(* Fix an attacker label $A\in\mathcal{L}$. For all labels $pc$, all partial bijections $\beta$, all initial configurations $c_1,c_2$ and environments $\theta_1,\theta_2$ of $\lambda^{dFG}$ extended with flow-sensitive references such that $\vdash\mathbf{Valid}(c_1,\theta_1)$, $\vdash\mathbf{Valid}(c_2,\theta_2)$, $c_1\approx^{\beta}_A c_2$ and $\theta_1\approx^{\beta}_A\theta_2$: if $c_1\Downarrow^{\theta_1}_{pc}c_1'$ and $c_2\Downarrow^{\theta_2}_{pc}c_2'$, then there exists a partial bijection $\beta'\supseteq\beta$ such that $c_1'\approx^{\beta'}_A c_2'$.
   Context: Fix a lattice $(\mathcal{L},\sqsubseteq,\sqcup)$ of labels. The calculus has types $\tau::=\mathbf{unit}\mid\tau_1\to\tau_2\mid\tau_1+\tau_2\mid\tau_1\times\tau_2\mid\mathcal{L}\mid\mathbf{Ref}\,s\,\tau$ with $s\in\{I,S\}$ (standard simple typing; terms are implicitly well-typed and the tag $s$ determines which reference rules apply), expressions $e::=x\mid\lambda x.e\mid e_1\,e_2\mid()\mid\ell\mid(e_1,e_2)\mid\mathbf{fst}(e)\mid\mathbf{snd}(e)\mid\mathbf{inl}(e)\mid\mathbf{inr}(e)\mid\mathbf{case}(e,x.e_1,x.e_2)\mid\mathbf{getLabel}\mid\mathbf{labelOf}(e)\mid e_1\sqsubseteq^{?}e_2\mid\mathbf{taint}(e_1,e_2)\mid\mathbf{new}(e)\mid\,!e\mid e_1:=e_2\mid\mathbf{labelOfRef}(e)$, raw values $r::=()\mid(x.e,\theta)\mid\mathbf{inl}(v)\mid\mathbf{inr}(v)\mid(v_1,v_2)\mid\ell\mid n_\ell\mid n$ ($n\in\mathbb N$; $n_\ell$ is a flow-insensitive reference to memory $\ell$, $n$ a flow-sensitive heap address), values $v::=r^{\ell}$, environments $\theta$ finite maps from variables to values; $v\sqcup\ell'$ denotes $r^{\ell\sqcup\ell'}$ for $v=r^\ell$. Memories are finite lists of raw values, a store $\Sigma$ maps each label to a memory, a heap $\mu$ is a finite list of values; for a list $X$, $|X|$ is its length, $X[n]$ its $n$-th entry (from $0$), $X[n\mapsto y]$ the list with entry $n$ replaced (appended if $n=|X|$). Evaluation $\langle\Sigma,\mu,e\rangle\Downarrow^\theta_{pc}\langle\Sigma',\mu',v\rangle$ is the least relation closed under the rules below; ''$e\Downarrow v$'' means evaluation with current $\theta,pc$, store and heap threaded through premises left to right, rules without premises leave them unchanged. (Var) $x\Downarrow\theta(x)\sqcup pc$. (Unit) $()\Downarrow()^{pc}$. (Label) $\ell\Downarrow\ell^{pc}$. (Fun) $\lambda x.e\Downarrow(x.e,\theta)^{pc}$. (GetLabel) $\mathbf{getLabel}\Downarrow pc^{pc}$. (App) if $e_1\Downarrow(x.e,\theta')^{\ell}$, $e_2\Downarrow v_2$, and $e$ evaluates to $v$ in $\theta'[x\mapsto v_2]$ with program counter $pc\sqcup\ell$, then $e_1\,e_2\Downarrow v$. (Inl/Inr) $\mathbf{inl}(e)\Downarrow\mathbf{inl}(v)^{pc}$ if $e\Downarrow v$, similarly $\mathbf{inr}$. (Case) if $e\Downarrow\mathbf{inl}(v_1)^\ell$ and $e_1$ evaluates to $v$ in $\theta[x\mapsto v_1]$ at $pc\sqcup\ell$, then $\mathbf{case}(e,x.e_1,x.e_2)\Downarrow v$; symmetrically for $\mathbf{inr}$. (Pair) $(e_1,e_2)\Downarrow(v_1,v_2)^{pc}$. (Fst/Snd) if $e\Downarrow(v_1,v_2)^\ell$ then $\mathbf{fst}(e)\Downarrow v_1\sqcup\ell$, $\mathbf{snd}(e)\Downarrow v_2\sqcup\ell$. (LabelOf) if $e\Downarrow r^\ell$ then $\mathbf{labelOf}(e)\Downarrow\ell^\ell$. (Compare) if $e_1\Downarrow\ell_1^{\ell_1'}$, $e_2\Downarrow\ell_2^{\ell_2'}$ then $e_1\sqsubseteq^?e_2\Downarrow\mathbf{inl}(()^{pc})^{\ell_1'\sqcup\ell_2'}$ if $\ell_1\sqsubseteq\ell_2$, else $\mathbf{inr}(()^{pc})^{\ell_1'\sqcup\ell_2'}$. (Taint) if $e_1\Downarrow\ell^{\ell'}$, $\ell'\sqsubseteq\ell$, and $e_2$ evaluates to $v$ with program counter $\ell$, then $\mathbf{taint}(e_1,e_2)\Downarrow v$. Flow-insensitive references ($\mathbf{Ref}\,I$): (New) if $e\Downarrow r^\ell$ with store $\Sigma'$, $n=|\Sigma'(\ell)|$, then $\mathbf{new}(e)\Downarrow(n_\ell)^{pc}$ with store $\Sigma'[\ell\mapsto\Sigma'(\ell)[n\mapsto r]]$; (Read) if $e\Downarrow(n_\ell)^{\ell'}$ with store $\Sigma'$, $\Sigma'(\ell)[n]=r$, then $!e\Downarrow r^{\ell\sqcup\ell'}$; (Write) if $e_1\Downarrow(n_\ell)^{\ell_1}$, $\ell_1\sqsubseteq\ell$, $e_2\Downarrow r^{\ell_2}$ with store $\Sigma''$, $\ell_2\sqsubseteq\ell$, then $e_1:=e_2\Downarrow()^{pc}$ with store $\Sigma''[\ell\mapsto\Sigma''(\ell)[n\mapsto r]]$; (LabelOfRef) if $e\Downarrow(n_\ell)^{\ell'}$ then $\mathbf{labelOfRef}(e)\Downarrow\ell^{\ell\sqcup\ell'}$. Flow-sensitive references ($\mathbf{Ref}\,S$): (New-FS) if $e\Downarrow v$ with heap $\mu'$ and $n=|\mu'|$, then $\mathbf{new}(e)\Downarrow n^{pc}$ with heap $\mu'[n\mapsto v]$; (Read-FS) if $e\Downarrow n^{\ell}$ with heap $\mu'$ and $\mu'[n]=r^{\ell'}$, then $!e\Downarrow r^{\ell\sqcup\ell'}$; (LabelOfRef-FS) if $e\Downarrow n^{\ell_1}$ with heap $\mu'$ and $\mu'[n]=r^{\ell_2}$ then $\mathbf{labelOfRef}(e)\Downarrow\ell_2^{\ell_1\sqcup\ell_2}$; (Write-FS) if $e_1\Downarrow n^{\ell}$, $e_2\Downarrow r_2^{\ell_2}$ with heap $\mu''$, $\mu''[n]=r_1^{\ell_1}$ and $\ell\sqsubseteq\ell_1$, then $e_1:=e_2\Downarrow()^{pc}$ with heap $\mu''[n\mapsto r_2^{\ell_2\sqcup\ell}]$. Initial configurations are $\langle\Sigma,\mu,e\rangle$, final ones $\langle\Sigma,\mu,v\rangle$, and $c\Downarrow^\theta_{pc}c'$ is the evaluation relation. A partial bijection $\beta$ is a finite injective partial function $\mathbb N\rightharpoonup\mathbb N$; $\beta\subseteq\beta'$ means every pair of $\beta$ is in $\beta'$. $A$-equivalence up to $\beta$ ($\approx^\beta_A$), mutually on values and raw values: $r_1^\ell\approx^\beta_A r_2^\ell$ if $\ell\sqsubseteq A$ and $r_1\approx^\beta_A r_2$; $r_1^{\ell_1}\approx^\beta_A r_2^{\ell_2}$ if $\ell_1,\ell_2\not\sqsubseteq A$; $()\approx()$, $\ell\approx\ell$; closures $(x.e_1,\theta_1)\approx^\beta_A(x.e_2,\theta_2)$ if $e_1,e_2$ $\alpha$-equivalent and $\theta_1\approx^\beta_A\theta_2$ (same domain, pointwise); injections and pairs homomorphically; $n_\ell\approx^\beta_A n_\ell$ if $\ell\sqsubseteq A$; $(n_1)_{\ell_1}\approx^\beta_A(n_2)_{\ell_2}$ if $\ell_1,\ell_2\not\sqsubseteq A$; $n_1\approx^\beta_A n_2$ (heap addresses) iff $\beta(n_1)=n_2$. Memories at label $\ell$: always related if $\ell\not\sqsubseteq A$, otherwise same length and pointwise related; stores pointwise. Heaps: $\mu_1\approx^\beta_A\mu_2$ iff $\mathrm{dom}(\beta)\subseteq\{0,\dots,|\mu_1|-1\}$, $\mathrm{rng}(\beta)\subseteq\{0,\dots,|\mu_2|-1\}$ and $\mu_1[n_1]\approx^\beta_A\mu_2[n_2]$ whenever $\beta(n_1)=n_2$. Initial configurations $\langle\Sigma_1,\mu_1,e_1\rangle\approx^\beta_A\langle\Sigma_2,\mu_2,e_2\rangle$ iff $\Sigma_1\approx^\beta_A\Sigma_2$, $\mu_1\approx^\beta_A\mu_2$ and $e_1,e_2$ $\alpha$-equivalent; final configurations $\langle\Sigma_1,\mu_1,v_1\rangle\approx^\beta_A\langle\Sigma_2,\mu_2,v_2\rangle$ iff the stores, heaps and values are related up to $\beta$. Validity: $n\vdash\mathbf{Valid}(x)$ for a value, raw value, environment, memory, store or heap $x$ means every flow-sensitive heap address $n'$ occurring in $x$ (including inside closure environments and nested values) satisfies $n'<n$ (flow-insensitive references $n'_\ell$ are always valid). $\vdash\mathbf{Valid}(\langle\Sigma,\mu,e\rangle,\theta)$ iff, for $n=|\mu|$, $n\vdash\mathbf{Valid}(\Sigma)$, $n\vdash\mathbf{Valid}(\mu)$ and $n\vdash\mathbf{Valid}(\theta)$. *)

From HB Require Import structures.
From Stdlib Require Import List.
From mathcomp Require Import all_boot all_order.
#####
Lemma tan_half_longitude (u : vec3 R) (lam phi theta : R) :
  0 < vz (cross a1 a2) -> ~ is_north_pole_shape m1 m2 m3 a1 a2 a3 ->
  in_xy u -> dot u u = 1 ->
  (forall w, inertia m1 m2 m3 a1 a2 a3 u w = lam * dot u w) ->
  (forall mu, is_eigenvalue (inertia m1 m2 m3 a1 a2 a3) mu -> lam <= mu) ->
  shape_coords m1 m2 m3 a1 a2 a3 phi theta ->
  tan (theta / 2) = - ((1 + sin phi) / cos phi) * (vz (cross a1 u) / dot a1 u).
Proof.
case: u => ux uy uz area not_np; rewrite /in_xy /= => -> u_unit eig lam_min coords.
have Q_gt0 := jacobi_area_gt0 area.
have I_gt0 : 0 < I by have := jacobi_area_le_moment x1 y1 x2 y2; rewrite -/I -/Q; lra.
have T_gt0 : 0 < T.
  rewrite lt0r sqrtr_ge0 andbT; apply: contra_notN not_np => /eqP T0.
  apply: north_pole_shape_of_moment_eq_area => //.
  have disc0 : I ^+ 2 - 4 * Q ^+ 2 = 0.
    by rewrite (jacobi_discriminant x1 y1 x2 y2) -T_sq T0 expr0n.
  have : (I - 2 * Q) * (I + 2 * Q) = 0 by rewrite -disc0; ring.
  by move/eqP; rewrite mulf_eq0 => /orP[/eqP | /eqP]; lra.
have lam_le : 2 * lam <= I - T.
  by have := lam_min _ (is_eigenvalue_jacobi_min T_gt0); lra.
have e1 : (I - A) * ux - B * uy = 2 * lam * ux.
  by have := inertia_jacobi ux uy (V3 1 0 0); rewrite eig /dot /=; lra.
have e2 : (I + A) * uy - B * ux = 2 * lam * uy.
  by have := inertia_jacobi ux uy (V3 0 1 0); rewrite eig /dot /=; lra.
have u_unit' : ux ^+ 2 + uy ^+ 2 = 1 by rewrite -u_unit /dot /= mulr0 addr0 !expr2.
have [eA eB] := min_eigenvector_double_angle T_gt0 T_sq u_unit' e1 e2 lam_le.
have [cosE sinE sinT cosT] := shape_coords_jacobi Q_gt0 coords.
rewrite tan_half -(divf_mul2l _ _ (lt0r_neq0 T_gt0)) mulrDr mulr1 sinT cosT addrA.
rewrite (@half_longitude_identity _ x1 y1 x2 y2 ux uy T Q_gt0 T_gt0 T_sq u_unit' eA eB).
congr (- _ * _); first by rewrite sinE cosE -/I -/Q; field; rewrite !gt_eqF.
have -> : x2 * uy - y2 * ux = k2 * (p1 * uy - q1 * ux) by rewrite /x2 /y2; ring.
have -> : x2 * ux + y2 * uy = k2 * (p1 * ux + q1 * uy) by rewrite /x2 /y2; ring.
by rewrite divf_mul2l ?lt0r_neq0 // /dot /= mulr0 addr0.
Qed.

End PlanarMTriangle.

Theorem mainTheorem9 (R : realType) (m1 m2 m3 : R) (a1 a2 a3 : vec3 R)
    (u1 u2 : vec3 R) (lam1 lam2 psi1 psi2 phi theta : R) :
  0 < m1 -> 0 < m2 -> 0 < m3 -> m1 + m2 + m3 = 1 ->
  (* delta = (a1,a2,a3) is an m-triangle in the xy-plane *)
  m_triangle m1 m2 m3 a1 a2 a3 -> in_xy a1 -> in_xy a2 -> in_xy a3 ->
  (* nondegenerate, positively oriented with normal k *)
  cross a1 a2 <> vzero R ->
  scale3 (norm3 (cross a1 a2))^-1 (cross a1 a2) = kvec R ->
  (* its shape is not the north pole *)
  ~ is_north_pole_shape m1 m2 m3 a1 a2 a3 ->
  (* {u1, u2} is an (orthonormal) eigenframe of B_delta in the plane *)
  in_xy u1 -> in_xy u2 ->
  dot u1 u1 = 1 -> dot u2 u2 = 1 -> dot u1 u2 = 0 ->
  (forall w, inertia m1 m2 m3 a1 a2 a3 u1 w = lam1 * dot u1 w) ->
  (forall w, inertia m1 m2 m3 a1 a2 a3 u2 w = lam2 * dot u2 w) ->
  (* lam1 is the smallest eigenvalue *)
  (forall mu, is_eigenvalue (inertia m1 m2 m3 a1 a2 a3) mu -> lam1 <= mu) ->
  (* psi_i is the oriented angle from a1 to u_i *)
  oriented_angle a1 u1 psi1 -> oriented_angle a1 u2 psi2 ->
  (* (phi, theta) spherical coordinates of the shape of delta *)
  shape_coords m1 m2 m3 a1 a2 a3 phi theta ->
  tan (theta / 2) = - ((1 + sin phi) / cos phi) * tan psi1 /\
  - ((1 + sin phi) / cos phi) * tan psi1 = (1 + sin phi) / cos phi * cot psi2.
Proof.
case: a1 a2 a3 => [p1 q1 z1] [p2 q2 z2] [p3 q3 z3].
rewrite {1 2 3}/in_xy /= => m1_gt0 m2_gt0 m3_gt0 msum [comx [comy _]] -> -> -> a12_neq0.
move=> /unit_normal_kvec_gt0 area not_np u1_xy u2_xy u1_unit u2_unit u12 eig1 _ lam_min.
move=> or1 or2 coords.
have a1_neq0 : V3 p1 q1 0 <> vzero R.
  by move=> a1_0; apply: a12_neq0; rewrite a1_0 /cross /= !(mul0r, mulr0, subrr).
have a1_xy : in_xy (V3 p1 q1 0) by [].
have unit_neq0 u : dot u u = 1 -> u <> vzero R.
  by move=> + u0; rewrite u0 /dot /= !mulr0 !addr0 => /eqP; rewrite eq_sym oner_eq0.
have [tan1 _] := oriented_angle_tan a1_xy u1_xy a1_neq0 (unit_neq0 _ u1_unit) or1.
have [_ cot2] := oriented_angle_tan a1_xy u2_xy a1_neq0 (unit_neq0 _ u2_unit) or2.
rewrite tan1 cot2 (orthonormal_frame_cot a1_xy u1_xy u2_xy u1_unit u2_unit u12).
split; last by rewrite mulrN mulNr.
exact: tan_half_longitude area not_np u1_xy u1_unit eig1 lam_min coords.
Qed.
#####
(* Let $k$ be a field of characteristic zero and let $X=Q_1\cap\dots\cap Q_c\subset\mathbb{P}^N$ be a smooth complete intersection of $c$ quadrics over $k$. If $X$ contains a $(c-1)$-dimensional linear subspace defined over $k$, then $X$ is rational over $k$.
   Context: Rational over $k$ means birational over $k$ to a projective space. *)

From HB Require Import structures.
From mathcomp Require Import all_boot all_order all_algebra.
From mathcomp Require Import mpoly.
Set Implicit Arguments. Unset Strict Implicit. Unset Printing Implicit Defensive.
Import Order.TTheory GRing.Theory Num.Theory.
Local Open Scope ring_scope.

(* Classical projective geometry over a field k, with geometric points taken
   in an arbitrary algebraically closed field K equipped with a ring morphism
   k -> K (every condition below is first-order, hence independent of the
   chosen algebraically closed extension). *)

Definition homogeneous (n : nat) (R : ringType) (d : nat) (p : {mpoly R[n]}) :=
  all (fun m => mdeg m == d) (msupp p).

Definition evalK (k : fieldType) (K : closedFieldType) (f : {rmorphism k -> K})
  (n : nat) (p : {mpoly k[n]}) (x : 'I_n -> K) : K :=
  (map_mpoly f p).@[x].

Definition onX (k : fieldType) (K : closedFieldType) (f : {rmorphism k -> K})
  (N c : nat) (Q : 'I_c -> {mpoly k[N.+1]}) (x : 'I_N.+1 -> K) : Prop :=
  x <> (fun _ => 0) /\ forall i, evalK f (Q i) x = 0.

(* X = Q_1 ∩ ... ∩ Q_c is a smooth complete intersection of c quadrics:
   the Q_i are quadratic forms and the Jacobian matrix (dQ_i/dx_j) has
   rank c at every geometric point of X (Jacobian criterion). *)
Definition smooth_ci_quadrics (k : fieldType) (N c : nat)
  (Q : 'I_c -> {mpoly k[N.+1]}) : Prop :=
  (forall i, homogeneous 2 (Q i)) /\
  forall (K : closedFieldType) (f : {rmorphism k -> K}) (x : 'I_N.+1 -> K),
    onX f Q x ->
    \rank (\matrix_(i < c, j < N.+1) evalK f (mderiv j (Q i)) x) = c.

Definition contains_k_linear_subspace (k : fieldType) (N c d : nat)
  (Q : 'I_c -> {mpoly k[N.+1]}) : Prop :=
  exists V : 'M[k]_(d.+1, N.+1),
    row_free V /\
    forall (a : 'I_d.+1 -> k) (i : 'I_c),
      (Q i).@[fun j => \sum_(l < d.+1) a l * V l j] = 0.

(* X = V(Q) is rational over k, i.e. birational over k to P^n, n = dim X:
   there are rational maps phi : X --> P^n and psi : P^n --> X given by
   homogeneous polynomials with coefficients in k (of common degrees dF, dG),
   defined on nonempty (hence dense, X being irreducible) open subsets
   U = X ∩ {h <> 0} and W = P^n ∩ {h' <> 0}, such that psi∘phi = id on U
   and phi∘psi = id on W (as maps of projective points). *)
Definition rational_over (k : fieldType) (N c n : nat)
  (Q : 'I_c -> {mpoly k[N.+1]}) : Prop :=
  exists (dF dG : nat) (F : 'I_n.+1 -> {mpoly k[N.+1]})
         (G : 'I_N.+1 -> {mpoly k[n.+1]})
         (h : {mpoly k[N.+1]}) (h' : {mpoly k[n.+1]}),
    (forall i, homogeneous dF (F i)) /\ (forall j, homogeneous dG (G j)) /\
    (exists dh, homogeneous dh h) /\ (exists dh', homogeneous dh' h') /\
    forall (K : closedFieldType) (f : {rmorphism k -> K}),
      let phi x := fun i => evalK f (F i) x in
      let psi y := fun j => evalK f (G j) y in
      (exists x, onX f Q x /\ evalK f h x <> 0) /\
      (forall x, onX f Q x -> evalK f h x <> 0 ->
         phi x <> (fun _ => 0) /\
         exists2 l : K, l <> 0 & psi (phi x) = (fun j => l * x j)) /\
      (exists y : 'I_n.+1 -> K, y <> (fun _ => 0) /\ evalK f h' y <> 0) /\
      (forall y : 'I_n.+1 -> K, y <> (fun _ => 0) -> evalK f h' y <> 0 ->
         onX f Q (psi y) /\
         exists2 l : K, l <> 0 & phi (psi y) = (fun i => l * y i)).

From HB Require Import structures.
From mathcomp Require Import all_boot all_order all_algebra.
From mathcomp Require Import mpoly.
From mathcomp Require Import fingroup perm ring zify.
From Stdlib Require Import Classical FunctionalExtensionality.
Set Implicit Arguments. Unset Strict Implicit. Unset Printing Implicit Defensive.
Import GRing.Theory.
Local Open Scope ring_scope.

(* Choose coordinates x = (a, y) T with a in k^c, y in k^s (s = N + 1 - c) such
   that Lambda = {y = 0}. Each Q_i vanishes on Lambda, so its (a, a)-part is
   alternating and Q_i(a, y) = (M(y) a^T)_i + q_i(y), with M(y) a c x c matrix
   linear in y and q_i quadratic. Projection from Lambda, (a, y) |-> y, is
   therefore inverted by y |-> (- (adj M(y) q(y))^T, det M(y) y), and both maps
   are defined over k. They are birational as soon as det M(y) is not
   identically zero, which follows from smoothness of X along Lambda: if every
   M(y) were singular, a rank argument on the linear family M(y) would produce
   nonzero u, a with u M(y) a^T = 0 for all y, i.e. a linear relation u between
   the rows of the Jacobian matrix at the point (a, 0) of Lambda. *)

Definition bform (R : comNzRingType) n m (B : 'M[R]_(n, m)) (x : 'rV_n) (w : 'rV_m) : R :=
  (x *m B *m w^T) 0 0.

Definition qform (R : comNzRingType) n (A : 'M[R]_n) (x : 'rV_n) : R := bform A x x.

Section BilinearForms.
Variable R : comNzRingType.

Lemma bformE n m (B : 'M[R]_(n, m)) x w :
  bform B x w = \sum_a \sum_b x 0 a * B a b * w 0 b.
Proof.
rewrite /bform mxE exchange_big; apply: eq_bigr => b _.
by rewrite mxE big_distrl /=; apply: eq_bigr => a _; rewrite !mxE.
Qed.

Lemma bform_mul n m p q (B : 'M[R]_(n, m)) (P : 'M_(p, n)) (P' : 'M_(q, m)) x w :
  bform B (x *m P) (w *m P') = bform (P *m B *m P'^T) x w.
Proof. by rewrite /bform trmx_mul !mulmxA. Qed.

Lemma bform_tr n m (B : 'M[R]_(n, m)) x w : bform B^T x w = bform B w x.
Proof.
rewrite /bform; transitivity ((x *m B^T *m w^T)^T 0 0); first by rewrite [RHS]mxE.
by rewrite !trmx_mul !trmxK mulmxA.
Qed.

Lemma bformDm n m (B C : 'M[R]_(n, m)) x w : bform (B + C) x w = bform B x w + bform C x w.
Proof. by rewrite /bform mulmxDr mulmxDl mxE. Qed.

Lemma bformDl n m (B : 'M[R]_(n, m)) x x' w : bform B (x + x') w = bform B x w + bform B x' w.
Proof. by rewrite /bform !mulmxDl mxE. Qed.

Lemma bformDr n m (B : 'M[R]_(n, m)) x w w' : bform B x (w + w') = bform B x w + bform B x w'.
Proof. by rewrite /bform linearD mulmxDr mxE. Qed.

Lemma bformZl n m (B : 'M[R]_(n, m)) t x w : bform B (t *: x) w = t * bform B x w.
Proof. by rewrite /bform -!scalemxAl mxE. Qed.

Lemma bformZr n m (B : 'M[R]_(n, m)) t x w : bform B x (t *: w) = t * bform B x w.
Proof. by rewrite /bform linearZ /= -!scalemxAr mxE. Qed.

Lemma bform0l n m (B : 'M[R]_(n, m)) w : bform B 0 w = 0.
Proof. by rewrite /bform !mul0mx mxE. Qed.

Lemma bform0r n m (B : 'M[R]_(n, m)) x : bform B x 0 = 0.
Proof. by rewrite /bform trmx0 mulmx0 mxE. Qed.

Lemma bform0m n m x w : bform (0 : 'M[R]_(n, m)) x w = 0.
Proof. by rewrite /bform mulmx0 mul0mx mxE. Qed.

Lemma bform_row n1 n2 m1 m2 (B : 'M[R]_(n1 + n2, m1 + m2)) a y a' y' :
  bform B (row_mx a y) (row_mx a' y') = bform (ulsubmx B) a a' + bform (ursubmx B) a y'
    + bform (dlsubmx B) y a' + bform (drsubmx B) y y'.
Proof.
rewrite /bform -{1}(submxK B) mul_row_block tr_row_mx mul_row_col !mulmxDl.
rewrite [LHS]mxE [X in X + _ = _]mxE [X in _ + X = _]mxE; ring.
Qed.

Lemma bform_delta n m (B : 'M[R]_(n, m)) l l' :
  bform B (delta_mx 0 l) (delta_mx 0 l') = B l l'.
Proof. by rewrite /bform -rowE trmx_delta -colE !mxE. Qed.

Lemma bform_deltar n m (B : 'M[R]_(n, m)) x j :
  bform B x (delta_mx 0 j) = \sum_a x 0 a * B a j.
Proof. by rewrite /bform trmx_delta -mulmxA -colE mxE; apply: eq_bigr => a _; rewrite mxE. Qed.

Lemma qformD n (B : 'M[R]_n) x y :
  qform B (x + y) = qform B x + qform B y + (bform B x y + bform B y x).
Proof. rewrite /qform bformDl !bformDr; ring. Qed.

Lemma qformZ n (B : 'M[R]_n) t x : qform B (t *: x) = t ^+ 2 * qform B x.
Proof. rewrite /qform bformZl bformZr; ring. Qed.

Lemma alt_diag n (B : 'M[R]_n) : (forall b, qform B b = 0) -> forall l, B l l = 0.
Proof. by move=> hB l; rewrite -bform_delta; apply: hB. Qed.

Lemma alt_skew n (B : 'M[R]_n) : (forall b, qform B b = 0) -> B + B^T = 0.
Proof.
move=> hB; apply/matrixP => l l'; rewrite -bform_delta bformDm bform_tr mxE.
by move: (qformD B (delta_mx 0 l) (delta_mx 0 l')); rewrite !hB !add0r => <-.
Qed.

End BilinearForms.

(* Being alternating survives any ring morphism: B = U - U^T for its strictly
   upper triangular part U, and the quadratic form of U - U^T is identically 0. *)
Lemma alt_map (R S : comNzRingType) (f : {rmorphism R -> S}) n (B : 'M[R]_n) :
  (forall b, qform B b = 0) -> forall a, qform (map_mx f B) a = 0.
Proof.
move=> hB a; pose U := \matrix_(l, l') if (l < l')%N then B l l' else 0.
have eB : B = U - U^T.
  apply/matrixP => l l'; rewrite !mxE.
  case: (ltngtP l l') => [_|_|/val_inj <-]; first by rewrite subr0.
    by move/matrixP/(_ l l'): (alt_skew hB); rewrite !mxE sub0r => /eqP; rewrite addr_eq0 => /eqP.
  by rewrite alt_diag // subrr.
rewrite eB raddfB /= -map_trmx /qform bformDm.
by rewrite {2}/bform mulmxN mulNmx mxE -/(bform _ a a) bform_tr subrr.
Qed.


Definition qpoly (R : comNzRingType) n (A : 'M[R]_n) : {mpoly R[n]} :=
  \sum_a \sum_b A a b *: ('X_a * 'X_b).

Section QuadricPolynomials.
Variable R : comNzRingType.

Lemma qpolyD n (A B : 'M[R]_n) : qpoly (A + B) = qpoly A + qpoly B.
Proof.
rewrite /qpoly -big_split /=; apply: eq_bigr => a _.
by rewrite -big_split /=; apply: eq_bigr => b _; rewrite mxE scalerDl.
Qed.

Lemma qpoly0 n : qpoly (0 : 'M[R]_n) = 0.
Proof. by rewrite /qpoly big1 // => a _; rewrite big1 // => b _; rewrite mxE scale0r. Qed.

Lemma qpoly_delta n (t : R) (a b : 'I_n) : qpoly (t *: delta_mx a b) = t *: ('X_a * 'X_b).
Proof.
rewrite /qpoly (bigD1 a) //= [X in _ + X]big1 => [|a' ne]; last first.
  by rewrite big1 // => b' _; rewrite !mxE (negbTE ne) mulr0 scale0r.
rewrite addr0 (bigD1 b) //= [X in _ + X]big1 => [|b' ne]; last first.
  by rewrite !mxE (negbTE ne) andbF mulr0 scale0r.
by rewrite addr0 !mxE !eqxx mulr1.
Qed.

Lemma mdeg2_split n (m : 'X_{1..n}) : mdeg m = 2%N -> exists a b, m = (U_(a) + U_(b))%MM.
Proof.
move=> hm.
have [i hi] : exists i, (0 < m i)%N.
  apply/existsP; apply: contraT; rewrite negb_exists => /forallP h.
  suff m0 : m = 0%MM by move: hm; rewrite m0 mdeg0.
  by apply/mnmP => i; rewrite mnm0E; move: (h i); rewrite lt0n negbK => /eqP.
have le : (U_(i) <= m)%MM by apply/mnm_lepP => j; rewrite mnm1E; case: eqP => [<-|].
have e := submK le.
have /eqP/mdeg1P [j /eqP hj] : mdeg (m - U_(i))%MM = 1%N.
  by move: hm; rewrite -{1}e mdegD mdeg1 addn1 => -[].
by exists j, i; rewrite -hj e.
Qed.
#####
■ Your objective
The response should be the listing above, limited to the lines between the one holding "Proof. by rewrite /bform linearD" and the one holding "Proof. by rewrite /bform !mul0mx mxE. Qed.", inclusive, reproduced exactly.

■ Exercise response
Proof. by rewrite /bform linearD mulmxDr mxE. Qed.

Lemma bformZl n m (B : 'M[R]_(n, m)) t x w : bform B (t *: x) w = t * bform B x w.
Proof. by rewrite /bform -!scalemxAl mxE. Qed.

Lemma bformZr n m (B : 'M[R]_(n, m)) t x w : bform B x (t *: w) = t * bform B x w.
Proof. by rewrite /bform linearZ /= -!scalemxAr mxE. Qed.

Lemma bform0l n m (B : 'M[R]_(n, m)) w : bform B 0 w = 0.
Proof. by rewrite /bform !mul0mx mxE. Qed.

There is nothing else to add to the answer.